Your assignment ▸ Write out all of the data again, exactly as it reads.

Extracted records ▸
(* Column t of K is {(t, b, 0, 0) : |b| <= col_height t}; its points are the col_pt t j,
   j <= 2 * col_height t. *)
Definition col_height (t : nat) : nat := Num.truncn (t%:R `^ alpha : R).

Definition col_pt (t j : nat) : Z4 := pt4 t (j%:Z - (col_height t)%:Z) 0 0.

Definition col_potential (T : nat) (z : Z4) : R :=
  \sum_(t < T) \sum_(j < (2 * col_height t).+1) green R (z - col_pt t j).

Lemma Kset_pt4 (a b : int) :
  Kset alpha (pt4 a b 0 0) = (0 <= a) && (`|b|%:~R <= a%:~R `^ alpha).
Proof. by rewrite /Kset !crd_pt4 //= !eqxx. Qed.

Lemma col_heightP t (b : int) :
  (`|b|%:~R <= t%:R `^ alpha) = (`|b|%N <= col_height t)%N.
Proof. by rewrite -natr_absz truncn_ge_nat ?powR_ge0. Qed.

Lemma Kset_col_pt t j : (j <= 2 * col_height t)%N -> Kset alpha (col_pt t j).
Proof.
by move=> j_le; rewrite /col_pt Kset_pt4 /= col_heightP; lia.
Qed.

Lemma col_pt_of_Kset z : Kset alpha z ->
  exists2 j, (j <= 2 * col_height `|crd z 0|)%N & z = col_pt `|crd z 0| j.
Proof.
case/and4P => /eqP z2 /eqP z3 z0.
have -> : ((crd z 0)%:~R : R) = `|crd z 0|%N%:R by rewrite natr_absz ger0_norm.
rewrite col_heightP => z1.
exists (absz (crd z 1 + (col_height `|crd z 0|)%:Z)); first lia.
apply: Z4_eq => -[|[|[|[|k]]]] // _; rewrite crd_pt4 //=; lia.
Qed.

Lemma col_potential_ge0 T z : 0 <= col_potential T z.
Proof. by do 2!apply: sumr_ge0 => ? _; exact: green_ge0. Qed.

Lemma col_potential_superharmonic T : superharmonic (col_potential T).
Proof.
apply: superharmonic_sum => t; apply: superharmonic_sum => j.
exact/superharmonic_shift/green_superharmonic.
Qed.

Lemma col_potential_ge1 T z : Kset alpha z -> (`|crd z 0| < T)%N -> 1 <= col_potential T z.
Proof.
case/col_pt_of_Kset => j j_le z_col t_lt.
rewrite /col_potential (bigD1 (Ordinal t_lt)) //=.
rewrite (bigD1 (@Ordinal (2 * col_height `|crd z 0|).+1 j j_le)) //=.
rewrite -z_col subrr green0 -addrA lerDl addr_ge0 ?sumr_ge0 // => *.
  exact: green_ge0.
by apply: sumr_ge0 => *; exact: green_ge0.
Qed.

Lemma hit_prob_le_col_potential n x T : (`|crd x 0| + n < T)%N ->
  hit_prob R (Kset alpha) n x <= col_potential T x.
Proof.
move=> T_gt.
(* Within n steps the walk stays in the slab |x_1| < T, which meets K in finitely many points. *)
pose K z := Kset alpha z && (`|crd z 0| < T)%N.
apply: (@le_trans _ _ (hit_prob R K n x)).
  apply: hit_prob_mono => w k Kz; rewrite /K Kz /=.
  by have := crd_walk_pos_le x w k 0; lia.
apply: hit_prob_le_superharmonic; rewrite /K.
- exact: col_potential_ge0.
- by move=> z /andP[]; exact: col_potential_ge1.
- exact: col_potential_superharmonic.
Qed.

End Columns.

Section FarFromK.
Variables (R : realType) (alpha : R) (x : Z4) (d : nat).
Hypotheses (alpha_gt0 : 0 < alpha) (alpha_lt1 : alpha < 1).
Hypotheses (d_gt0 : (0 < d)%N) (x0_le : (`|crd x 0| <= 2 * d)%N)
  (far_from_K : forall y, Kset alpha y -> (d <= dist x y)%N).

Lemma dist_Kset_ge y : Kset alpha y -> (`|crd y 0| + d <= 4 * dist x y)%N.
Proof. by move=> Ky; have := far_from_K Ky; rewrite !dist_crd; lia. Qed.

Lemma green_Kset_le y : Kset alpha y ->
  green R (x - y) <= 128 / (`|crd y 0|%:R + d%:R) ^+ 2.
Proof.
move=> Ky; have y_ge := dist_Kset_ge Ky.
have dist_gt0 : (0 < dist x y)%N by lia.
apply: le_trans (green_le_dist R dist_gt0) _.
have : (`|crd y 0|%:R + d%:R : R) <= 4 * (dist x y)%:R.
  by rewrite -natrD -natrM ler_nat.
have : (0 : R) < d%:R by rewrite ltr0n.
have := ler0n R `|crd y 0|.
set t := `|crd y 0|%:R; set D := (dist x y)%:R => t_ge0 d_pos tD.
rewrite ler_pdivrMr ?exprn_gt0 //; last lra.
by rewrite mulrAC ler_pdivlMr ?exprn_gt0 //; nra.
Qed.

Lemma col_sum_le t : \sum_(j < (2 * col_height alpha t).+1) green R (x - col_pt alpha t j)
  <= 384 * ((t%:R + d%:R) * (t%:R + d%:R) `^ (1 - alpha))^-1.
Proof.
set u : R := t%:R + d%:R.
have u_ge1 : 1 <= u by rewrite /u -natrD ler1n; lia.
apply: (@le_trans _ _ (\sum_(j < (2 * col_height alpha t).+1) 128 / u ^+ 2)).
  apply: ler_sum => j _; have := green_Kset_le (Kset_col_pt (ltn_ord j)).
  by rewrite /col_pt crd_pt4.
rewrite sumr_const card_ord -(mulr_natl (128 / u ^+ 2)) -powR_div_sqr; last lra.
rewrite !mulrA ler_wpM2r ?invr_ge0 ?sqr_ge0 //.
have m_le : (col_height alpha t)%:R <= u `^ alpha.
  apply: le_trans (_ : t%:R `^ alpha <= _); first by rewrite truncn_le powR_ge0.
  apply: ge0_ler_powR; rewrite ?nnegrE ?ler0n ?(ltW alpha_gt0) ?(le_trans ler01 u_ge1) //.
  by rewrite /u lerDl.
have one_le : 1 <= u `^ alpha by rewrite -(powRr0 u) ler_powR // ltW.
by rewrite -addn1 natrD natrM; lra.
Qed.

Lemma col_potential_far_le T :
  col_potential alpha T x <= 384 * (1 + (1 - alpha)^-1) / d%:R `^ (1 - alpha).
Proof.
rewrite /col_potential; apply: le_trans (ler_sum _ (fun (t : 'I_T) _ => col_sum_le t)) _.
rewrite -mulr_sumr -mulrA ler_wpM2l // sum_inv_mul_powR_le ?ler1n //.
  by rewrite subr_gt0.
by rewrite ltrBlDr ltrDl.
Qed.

Exercise result ▸
(* Column t of K is {(t, b, 0, 0) : |b| <= col_height t}; its points are the col_pt t j,
   j <= 2 * col_height t. *)
Definition col_height (t : nat) : nat := Num.truncn (t%:R `^ alpha : R).

Definition col_pt (t j : nat) : Z4 := pt4 t (j%:Z - (col_height t)%:Z) 0 0.

Definition col_potential (T : nat) (z : Z4) : R :=
  \sum_(t < T) \sum_(j < (2 * col_height t).+1) green R (z - col_pt t j).

Lemma Kset_pt4 (a b : int) :
  Kset alpha (pt4 a b 0 0) = (0 <= a) && (`|b|%:~R <= a%:~R `^ alpha).
Proof. by rewrite /Kset !crd_pt4 //= !eqxx. Qed.

Lemma col_heightP t (b : int) :
  (`|b|%:~R <= t%:R `^ alpha) = (`|b|%N <= col_height t)%N.
Proof. by rewrite -natr_absz truncn_ge_nat ?powR_ge0. Qed.

Lemma Kset_col_pt t j : (j <= 2 * col_height t)%N -> Kset alpha (col_pt t j).
Proof.
by move=> j_le; rewrite /col_pt Kset_pt4 /= col_heightP; lia.
Qed.

Lemma col_pt_of_Kset z : Kset alpha z ->
  exists2 j, (j <= 2 * col_height `|crd z 0|)%N & z = col_pt `|crd z 0| j.
Proof.
case/and4P => /eqP z2 /eqP z3 z0.
have -> : ((crd z 0)%:~R : R) = `|crd z 0|%N%:R by rewrite natr_absz ger0_norm.
rewrite col_heightP => z1.
exists (absz (crd z 1 + (col_height `|crd z 0|)%:Z)); first lia.
apply: Z4_eq => -[|[|[|[|k]]]] // _; rewrite crd_pt4 //=; lia.
Qed.

Lemma col_potential_ge0 T z : 0 <= col_potential T z.
Proof. by do 2!apply: sumr_ge0 => ? _; exact: green_ge0. Qed.

Lemma col_potential_superharmonic T : superharmonic (col_potential T).
Proof.
apply: superharmonic_sum => t; apply: superharmonic_sum => j.
exact/superharmonic_shift/green_superharmonic.
Qed.

Lemma col_potential_ge1 T z : Kset alpha z -> (`|crd z 0| < T)%N -> 1 <= col_potential T z.
Proof.
case/col_pt_of_Kset => j j_le z_col t_lt.
rewrite /col_potential (bigD1 (Ordinal t_lt)) //=.
rewrite (bigD1 (@Ordinal (2 * col_height `|crd z 0|).+1 j j_le)) //=.
rewrite -z_col subrr green0 -addrA lerDl addr_ge0 ?sumr_ge0 // => *.
  exact: green_ge0.
by apply: sumr_ge0 => *; exact: green_ge0.
Qed.

Lemma hit_prob_le_col_potential n x T : (`|crd x 0| + n < T)%N ->
  hit_prob R (Kset alpha) n x <= col_potential T x.
Proof.
move=> T_gt.
(* Within n steps the walk stays in the slab |x_1| < T, which meets K in finitely many points. *)
pose K z := Kset alpha z && (`|crd z 0| < T)%N.
apply: (@le_trans _ _ (hit_prob R K n x)).
  apply: hit_prob_mono => w k Kz; rewrite /K Kz /=.
  by have := crd_walk_pos_le x w k 0; lia.
apply: hit_prob_le_superharmonic; rewrite /K.
- exact: col_potential_ge0.
- by move=> z /andP[]; exact: col_potential_ge1.
- exact: col_potential_superharmonic.
Qed.

End Columns.

Section FarFromK.
Variables (R : realType) (alpha : R) (x : Z4) (d : nat).
Hypotheses (alpha_gt0 : 0 < alpha) (alpha_lt1 : alpha < 1).
Hypotheses (d_gt0 : (0 < d)%N) (x0_le : (`|crd x 0| <= 2 * d)%N)
  (far_from_K : forall y, Kset alpha y -> (d <= dist x y)%N).

Lemma dist_Kset_ge y : Kset alpha y -> (`|crd y 0| + d <= 4 * dist x y)%N.
Proof. by move=> Ky; have := far_from_K Ky; rewrite !dist_crd; lia. Qed.

Lemma green_Kset_le y : Kset alpha y ->
  green R (x - y) <= 128 / (`|crd y 0|%:R + d%:R) ^+ 2.
Proof.
move=> Ky; have y_ge := dist_Kset_ge Ky.
have dist_gt0 : (0 < dist x y)%N by lia.
apply: le_trans (green_le_dist R dist_gt0) _.
have : (`|crd y 0|%:R + d%:R : R) <= 4 * (dist x y)%:R.
  by rewrite -natrD -natrM ler_nat.
have : (0 : R) < d%:R by rewrite ltr0n.
have := ler0n R `|crd y 0|.
set t := `|crd y 0|%:R; set D := (dist x y)%:R => t_ge0 d_pos tD.
rewrite ler_pdivrMr ?exprn_gt0 //; last lra.
by rewrite mulrAC ler_pdivlMr ?exprn_gt0 //; nra.
Qed.

Lemma col_sum_le t : \sum_(j < (2 * col_height alpha t).+1) green R (x - col_pt alpha t j)
  <= 384 * ((t%:R + d%:R) * (t%:R + d%:R) `^ (1 - alpha))^-1.
Proof.
set u : R := t%:R + d%:R.
have u_ge1 : 1 <= u by rewrite /u -natrD ler1n; lia.
apply: (@le_trans _ _ (\sum_(j < (2 * col_height alpha t).+1) 128 / u ^+ 2)).
  apply: ler_sum => j _; have := green_Kset_le (Kset_col_pt (ltn_ord j)).
  by rewrite /col_pt crd_pt4.
rewrite sumr_const card_ord -(mulr_natl (128 / u ^+ 2)) -powR_div_sqr; last lra.
rewrite !mulrA ler_wpM2r ?invr_ge0 ?sqr_ge0 //.
have m_le : (col_height alpha t)%:R <= u `^ alpha.
  apply: le_trans (_ : t%:R `^ alpha <= _); first by rewrite truncn_le powR_ge0.
  apply: ge0_ler_powR; rewrite ?nnegrE ?ler0n ?(ltW alpha_gt0) ?(le_trans ler01 u_ge1) //.
  by rewrite /u lerDl.
have one_le : 1 <= u `^ alpha by rewrite -(powRr0 u) ler_powR // ltW.
by rewrite -addn1 natrD natrM; lra.
Qed.

Lemma col_potential_far_le T :
  col_potential alpha T x <= 384 * (1 + (1 - alpha)^-1) / d%:R `^ (1 - alpha).
Proof.
rewrite /col_potential; apply: le_trans (ler_sum _ (fun (t : 'I_T) _ => col_sum_le t)) _.
rewrite -mulr_sumr -mulrA ler_wpM2l // sum_inv_mul_powR_le ?ler1n //.
  by rewrite subr_gt0.
by rewrite ltrBlDr ltrDl.
Qed.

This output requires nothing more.